Amaknak Island (Амакнак) or Umaknak Island (Amaxnax̂; Умакнак) is the most populated island in the Aleutian Islands, an archipelago which is part of the U.S. state of Alaska.

==Geography==
Amaknak is an islet of the Fox Islands archipelago, a portion of the Aleutian Islands, in the Aleutians West Census Area of southwestern Alaska. Amaknak Island is located within Unalaska Bay, an inlet of the Bering Sea on the northeast side of Unalaska Island. At their closest point—the channel that leads from Unalaska Bay to Iliuliuk Harbor —the Amaknak and Unalaska islands are only about 200 ft apart. There is a 500-foot (152-meter) bridge joining the islands at another close point, where Iliuliuk Harbor connects with Captains Bay.

Dutch Harbor occupies the central portion of Amaknak Island.

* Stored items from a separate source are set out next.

(* Let $r\ge1$, let $\mu=\langle\mu_1,\dots,\mu_{r+1}\rangle\in\mathbb{Z}^{r+1}$ with $\sum_i\mu_i=0$, and let $\Lambda\subseteq\Phi^+_{A_r}$. Let $\mathcal{T}=\Gamma(\Lambda)=\{T_{i,j}:\varepsilon_i-\varepsilon_{i+j}\in\Lambda\}$. Then $P_\Lambda(\mu)$ is in bijection with $\mathrm{JS}_{\mathcal{T}}(\langle\mu_1,\dots,\mu_r\rangle,\langle\mu_1+\cdots+\mu_r\rangle,r)$ (via juggling sequence $\mapsto$ multiset of roots $\varepsilon_i-\varepsilon_{i+j}$, one per throw at time $i$ to height $j$), and \[K_\Lambda(\mu)=\mathsf{js}_{\mathcal{T}}(\langle\mu_1,\dots,\mu_r\rangle,\langle\mu_1+\cdots+\mu_r\rangle,r).\]
   Context: A juggling state is a finitely supported integer vector $\mathbf{s}=\langle s_1,s_2,\dots\rangle$ indexed by heights (trailing zeros omitted; negative entries are magic balls). A juggling sequence of length $n$ from $\mathbf{a}$ to $\mathbf{b}$ is a sequence $(\mathbf{s}_0,\dots,\mathbf{s}_n)$ with $\mathbf{s}_0=\mathbf{a}$, $\mathbf{s}_n=\mathbf{b}$, such that for each $1\le i\le n$ there are nonnegative integers $c^{(i)}_k$ (finitely many nonzero) with $\sum_k c^{(i)}_k=(\mathbf{s}_{i-1})_1$ and $(\mathbf{s}_i)_k=(\mathbf{s}_{i-1})_{k+1}+c^{(i)}_k$ for all $k\ge1$; $c^{(i)}_j$ is the number of throws at time $i$ to height $j$, and $T_{i,j}$ denotes ''a throw at time $i$ to height $j$''. For a set $\mathcal{T}$ of throws, $\mathrm{JS}_{\mathcal{T}}(\mathbf{a},\mathbf{b},n)$ is the set of juggling sequences in which $c^{(i)}_j>0$ only if $T_{i,j}\in\mathcal{T}$, and $\mathsf{js}_{\mathcal{T}}$ its cardinality. $\Phi^+_{A_r}=\{\varepsilon_i-\varepsilon_j:1\le i<j\le r+1\}\subset\mathbb{R}^{r+1}$; for $\Lambda\subseteq\Phi^+_{A_r}$, $P_\Lambda(\mu)$ is the set of finite multisets of elements of $\Lambda$ summing to $\mu$ and $K_\Lambda(\mu)=|P_\Lambda(\mu)|$. *)

From HB Require Import structures.
From mathcomp Require Import all_boot all_order all_algebra.
Set Implicit Arguments.
Unset Strict Implicit.
Unset Printing Implicit Defensive.
Import Order.TTheory GRing.Theory Num.Theory.
Local Open Scope ring_scope.

(* A juggling state is stored as the sequence [s_1; s_2; ...] of its entries
   (heights 1,2,...), in canonical form: no trailing zeros. *)
Definition jstate := seq int.

Definition height (s : jstate) (k : nat) : int := nth 0 s k.-1.

Definition canon (s : jstate) : bool := last 1 s != 0.

Definition same_state (s t : jstate) : Prop :=
  forall k : nat, (0 < k)%N -> height s k = height t k.

Definition throws := nat -> nat -> bool.

Definition throw_step (T : throws) (i : nat) (s s' : jstate) : Prop :=
  exists (c : nat -> nat) (N : nat),
    (forall k, (N < k)%N -> c k = 0%N) /\
    \sum_(1 <= k < N.+1) (c k)%:Z = height s 1 /\
    (forall k, (0 < k)%N -> height s' k = height s k.+1 + (c k)%:Z) /\
    (forall k, (0 < k)%N -> (0 < c k)%N -> T i k).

Amaknak's land area is only 3.3 mi2, and dwarfed by its neighbor Unalaska Island with a land area of 1,051 sq. miles (2,722 km^{2}). The highest point on Amaknak is Mount Ballyhoo.

==Population==
Despite its small size, Amaknak is the most populous of all the islands of the Aleutians chain, with 2,524 residents as of the 2000 census. Though located within the boundaries of the City of Unalaska, the inhabitants of Amaknak generally regard themselves as residents of Dutch Harbor, which is the portion of the City of Unalaska located on Amaknak Island. (The remaining 41% of Unalaska's residents live on Unalaska Island.)
The indigenous population includes Unangan Aleut.

==History==

In 1938, the General Board of the United States Navy recommended to construct two military installations next to each other on Amaknak island namely Dutch Harbor Naval Operating Base and Fort Mears, U.S. Army, in response to the growing war threat with Imperial Japan. This began in July 1940. The first United States Army troops arrived in June 1941 and an air base constructed by the United States Navy was finished in September 1941. At the time of the surprise attack on Pearl Harbor, these were the only military installations in the Aleutian Islands.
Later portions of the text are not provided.